_What you will do_. Beneath this instruction is a block of data; output from it exactly the lines that run from the one containing "have lam_unit : lam" through the one containing "have expz_eq1 n : lam ^ n = 1 -> n = 0.", inclusive.
-- Data extract follows --
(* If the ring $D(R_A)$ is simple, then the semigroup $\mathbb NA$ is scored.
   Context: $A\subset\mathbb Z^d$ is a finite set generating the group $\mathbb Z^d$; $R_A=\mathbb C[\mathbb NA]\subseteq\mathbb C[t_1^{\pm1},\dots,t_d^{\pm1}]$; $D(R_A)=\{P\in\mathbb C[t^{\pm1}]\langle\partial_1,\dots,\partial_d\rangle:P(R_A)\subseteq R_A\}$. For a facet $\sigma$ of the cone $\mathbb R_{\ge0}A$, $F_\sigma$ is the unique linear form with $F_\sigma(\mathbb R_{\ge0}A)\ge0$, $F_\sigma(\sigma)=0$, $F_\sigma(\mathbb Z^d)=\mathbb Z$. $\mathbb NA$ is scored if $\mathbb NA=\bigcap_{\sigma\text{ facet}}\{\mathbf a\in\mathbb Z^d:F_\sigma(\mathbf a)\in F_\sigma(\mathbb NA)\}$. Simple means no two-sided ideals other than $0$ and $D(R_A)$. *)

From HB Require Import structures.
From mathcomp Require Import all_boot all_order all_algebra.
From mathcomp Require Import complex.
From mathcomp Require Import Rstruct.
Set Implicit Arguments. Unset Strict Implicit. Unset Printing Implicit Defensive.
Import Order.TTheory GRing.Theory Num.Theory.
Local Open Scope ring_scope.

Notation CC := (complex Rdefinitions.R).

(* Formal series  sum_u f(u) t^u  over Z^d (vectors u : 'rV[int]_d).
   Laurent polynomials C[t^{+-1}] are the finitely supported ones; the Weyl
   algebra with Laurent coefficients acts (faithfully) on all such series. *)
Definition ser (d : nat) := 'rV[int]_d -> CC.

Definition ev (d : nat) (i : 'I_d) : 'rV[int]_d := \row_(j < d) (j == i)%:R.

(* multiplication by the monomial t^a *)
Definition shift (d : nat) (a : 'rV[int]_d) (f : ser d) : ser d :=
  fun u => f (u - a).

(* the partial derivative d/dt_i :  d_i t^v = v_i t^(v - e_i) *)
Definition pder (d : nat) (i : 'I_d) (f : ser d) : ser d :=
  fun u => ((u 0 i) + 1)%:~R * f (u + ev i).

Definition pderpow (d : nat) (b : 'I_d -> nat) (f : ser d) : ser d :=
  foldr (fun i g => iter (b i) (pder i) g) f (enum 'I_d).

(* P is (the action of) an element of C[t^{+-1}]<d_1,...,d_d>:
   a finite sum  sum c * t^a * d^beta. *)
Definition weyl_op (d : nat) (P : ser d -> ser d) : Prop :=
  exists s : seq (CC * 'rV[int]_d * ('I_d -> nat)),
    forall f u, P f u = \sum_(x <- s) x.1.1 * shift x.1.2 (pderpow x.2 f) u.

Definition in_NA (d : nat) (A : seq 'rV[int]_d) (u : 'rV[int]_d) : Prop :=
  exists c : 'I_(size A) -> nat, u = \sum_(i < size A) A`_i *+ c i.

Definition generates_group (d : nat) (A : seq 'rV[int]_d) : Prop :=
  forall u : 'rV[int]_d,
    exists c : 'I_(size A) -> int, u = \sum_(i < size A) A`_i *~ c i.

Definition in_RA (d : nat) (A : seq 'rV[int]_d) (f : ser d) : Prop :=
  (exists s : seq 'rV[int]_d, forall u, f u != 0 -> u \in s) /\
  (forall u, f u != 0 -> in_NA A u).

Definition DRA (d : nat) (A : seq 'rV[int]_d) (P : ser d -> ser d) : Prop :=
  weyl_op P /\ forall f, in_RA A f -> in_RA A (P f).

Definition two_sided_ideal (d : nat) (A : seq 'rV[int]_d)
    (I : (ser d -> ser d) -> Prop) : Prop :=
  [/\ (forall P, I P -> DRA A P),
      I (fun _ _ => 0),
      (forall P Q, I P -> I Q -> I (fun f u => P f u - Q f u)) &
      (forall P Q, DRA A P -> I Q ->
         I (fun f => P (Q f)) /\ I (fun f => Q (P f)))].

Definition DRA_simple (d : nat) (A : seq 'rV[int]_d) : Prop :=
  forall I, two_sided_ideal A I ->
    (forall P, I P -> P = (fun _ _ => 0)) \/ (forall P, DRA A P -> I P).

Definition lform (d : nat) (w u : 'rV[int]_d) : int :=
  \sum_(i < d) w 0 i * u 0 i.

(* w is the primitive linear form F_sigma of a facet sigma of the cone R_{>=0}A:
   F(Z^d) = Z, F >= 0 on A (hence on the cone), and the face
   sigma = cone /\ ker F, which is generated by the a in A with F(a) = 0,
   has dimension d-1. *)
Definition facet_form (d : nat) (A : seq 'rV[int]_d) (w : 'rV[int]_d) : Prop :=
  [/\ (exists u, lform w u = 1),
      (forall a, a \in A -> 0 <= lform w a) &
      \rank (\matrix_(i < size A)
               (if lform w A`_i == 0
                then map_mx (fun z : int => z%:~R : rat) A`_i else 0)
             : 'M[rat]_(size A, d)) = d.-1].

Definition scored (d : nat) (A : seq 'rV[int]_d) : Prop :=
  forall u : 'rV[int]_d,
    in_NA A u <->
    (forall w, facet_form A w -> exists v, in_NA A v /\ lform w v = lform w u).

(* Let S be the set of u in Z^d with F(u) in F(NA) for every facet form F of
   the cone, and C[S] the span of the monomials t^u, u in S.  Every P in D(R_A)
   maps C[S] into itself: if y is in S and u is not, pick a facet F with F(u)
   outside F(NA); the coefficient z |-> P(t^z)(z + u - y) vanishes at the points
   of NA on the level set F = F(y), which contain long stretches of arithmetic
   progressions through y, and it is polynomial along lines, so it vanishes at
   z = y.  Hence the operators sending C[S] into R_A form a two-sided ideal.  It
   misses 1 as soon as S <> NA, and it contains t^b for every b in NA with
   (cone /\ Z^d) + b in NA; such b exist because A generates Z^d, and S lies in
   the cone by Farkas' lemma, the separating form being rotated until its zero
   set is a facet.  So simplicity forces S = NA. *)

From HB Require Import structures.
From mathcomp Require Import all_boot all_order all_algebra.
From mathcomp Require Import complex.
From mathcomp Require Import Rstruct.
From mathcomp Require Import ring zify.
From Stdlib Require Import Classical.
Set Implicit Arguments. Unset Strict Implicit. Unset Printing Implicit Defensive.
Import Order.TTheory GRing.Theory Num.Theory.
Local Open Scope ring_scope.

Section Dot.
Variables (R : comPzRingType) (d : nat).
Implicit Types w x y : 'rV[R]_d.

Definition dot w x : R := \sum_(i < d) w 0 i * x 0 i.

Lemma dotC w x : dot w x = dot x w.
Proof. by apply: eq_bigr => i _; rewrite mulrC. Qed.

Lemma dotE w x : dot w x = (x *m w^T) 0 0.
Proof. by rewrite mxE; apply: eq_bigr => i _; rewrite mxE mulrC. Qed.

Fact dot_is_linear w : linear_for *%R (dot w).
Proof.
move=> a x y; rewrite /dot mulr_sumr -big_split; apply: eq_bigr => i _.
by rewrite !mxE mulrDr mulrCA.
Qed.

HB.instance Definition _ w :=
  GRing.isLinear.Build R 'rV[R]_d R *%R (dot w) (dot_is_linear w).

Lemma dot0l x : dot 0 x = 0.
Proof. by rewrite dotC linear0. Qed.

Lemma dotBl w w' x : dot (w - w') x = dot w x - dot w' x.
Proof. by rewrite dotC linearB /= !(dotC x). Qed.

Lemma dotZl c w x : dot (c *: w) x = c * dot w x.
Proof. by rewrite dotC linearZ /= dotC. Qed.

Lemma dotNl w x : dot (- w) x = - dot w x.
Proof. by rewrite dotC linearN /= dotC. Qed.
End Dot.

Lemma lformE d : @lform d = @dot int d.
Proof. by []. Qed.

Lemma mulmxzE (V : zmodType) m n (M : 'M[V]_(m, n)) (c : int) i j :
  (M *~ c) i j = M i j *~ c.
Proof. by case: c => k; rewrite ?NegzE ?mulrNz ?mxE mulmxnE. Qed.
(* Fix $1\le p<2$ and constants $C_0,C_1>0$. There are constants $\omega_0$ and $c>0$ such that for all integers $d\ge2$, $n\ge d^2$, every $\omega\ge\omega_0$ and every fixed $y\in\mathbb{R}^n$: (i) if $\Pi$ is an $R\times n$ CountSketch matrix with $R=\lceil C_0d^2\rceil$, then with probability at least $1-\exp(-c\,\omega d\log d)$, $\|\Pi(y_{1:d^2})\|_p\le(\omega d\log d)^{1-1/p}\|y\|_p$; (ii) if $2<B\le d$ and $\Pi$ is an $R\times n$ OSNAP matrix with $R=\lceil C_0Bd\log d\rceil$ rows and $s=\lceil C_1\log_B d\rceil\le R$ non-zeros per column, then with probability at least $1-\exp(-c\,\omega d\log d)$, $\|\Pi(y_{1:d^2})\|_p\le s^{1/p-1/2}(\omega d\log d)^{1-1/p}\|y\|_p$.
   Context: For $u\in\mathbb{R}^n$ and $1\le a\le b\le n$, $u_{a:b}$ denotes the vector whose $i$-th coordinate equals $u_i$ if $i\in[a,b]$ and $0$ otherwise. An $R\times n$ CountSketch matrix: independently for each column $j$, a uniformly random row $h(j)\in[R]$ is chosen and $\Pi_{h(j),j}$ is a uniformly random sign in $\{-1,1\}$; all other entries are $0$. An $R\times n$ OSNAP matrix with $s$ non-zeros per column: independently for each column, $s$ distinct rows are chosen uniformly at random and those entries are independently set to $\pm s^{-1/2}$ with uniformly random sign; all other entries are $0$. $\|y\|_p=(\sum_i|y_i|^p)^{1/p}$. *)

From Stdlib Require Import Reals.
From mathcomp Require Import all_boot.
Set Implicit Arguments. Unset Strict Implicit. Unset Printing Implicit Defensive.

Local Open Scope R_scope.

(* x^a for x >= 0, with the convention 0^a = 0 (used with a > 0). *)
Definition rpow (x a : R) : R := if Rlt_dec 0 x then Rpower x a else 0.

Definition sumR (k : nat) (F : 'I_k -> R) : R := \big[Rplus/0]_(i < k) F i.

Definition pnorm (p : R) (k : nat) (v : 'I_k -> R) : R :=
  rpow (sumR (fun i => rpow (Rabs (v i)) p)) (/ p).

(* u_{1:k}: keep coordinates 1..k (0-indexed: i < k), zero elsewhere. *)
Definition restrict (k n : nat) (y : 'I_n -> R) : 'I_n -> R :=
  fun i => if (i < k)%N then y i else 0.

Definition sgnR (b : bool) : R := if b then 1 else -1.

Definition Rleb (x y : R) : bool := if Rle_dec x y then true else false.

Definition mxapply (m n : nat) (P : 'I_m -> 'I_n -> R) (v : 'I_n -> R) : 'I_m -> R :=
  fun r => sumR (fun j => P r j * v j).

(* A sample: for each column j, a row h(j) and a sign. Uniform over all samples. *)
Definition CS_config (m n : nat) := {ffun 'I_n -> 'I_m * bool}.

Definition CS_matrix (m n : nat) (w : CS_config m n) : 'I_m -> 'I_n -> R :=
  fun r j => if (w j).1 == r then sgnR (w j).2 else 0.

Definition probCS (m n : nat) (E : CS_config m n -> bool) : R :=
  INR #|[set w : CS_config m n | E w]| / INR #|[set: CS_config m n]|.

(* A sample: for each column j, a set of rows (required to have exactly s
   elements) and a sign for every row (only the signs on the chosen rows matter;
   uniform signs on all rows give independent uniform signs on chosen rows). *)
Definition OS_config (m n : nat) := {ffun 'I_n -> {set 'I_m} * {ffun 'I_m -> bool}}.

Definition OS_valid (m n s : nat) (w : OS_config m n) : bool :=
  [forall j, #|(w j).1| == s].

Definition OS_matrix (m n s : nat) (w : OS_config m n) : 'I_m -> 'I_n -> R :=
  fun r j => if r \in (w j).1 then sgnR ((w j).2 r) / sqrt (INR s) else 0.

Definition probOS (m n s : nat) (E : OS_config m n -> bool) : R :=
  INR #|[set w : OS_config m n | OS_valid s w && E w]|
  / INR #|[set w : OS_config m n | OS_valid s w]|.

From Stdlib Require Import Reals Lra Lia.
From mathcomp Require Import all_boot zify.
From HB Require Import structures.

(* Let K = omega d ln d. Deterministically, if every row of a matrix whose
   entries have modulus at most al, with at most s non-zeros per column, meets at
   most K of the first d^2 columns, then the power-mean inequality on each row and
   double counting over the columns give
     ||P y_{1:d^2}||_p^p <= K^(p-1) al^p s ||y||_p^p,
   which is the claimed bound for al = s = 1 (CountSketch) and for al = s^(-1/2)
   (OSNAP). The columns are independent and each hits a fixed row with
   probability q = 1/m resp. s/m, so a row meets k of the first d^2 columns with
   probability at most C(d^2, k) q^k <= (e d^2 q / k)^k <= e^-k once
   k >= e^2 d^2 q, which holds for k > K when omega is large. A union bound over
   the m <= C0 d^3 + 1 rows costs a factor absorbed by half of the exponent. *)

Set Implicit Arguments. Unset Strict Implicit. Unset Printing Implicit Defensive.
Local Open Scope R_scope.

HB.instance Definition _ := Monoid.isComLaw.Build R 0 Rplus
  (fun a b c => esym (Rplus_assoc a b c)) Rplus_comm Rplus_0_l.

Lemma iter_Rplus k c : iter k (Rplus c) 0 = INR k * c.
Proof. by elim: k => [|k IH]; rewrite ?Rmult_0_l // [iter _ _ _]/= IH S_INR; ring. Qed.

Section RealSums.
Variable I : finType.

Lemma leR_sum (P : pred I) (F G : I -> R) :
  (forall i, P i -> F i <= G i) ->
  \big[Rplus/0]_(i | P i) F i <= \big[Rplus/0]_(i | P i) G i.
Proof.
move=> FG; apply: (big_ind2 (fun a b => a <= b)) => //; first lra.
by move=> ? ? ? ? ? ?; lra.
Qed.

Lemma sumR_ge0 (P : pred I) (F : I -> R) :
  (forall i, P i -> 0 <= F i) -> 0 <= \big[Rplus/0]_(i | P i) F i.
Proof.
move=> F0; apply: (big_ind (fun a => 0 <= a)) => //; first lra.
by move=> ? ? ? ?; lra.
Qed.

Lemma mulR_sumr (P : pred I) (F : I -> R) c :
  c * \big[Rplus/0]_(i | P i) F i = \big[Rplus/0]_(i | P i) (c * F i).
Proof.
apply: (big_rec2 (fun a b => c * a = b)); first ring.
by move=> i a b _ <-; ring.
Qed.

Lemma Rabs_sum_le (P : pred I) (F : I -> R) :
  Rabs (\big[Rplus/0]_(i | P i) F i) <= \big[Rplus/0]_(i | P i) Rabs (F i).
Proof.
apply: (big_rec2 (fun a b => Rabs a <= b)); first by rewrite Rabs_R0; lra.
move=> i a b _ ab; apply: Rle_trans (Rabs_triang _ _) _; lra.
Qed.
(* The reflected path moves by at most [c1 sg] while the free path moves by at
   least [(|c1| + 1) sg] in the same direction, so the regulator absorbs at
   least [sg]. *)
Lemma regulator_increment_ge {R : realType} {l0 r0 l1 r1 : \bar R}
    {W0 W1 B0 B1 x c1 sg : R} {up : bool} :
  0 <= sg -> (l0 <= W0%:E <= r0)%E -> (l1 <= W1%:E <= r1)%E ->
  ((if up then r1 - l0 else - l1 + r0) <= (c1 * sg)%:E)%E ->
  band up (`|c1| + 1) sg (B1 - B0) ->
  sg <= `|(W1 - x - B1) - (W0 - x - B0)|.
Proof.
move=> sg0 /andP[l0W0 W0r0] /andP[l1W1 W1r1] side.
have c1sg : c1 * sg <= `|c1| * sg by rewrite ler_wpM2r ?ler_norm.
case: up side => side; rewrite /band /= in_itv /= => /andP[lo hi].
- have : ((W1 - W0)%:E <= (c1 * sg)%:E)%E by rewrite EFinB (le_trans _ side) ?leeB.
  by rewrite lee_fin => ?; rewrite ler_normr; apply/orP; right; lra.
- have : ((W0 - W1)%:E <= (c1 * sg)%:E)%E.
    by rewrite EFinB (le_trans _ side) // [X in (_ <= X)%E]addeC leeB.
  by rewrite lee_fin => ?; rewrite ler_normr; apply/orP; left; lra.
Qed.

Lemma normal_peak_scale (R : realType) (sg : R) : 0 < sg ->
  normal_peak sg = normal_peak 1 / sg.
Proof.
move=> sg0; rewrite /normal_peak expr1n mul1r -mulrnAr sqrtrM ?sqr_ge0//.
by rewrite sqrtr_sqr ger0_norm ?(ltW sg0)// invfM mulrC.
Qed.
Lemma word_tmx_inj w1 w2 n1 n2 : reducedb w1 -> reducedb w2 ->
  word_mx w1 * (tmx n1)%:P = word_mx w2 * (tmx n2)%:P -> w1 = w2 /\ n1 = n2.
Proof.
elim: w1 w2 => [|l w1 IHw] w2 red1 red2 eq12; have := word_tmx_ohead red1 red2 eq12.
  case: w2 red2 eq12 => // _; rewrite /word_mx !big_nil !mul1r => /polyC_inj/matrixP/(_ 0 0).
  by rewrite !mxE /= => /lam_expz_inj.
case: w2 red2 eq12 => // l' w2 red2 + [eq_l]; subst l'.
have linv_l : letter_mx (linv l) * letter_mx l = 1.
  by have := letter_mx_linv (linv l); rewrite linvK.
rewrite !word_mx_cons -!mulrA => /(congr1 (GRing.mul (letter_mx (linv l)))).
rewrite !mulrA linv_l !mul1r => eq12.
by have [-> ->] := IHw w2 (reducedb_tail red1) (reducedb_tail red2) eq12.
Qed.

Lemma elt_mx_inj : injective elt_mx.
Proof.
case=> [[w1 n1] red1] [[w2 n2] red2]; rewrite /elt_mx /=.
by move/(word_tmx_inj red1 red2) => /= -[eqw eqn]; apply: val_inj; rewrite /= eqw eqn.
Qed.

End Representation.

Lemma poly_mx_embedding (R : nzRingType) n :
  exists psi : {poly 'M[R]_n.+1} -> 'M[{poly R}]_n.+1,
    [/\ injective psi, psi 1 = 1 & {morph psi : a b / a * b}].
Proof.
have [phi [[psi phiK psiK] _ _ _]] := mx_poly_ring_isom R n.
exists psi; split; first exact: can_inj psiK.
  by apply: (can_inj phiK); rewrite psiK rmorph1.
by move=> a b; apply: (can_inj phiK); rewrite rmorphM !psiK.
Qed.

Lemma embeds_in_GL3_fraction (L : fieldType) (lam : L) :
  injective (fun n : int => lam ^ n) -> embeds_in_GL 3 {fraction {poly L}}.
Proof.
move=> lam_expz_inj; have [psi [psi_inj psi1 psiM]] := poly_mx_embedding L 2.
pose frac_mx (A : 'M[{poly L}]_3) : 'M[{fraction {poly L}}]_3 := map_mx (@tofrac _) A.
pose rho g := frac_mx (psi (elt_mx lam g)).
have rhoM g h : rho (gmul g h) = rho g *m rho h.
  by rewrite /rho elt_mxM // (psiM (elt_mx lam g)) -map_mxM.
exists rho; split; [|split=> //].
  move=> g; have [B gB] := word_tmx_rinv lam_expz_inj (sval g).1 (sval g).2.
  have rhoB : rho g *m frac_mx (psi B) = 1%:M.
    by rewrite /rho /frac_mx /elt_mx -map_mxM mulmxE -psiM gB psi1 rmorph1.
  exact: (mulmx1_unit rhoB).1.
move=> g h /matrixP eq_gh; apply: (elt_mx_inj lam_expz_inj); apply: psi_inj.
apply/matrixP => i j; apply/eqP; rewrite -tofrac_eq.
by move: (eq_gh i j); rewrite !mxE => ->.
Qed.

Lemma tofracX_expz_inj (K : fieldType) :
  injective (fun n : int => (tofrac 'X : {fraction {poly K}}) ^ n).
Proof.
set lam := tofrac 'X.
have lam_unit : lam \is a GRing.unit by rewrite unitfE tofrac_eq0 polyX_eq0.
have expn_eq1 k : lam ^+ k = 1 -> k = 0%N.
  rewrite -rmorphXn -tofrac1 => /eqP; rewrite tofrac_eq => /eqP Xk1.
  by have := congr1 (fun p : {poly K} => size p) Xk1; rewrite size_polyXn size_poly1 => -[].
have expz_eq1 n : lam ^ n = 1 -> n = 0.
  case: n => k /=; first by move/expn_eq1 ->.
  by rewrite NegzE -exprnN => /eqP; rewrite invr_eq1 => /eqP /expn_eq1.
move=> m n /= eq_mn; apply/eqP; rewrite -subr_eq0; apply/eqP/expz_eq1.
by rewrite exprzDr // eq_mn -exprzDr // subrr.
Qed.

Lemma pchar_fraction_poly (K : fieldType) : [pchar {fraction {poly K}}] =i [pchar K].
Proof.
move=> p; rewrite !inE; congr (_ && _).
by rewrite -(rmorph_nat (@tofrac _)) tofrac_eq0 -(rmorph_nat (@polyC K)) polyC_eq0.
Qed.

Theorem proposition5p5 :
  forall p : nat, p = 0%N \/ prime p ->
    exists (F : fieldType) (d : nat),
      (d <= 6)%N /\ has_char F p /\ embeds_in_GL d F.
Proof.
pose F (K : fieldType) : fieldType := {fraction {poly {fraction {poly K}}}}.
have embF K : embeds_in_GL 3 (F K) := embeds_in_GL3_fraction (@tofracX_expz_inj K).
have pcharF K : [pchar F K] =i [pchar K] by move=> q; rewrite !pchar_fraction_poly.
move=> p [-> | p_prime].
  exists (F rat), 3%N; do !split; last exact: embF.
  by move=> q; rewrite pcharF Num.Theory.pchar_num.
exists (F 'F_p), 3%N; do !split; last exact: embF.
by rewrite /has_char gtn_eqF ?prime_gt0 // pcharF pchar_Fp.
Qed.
-- Data extract concluded --
_Reply_.
have lam_unit : lam \is a GRing.unit by rewrite unitfE tofrac_eq0 polyX_eq0.
have expn_eq1 k : lam ^+ k = 1 -> k = 0%N.
  rewrite -rmorphXn -tofrac1 => /eqP; rewrite tofrac_eq => /eqP Xk1.
  by have := congr1 (fun p : {poly K} => size p) Xk1; rewrite size_polyXn size_poly1 => -[].
have expz_eq1 n : lam ^ n = 1 -> n = 0.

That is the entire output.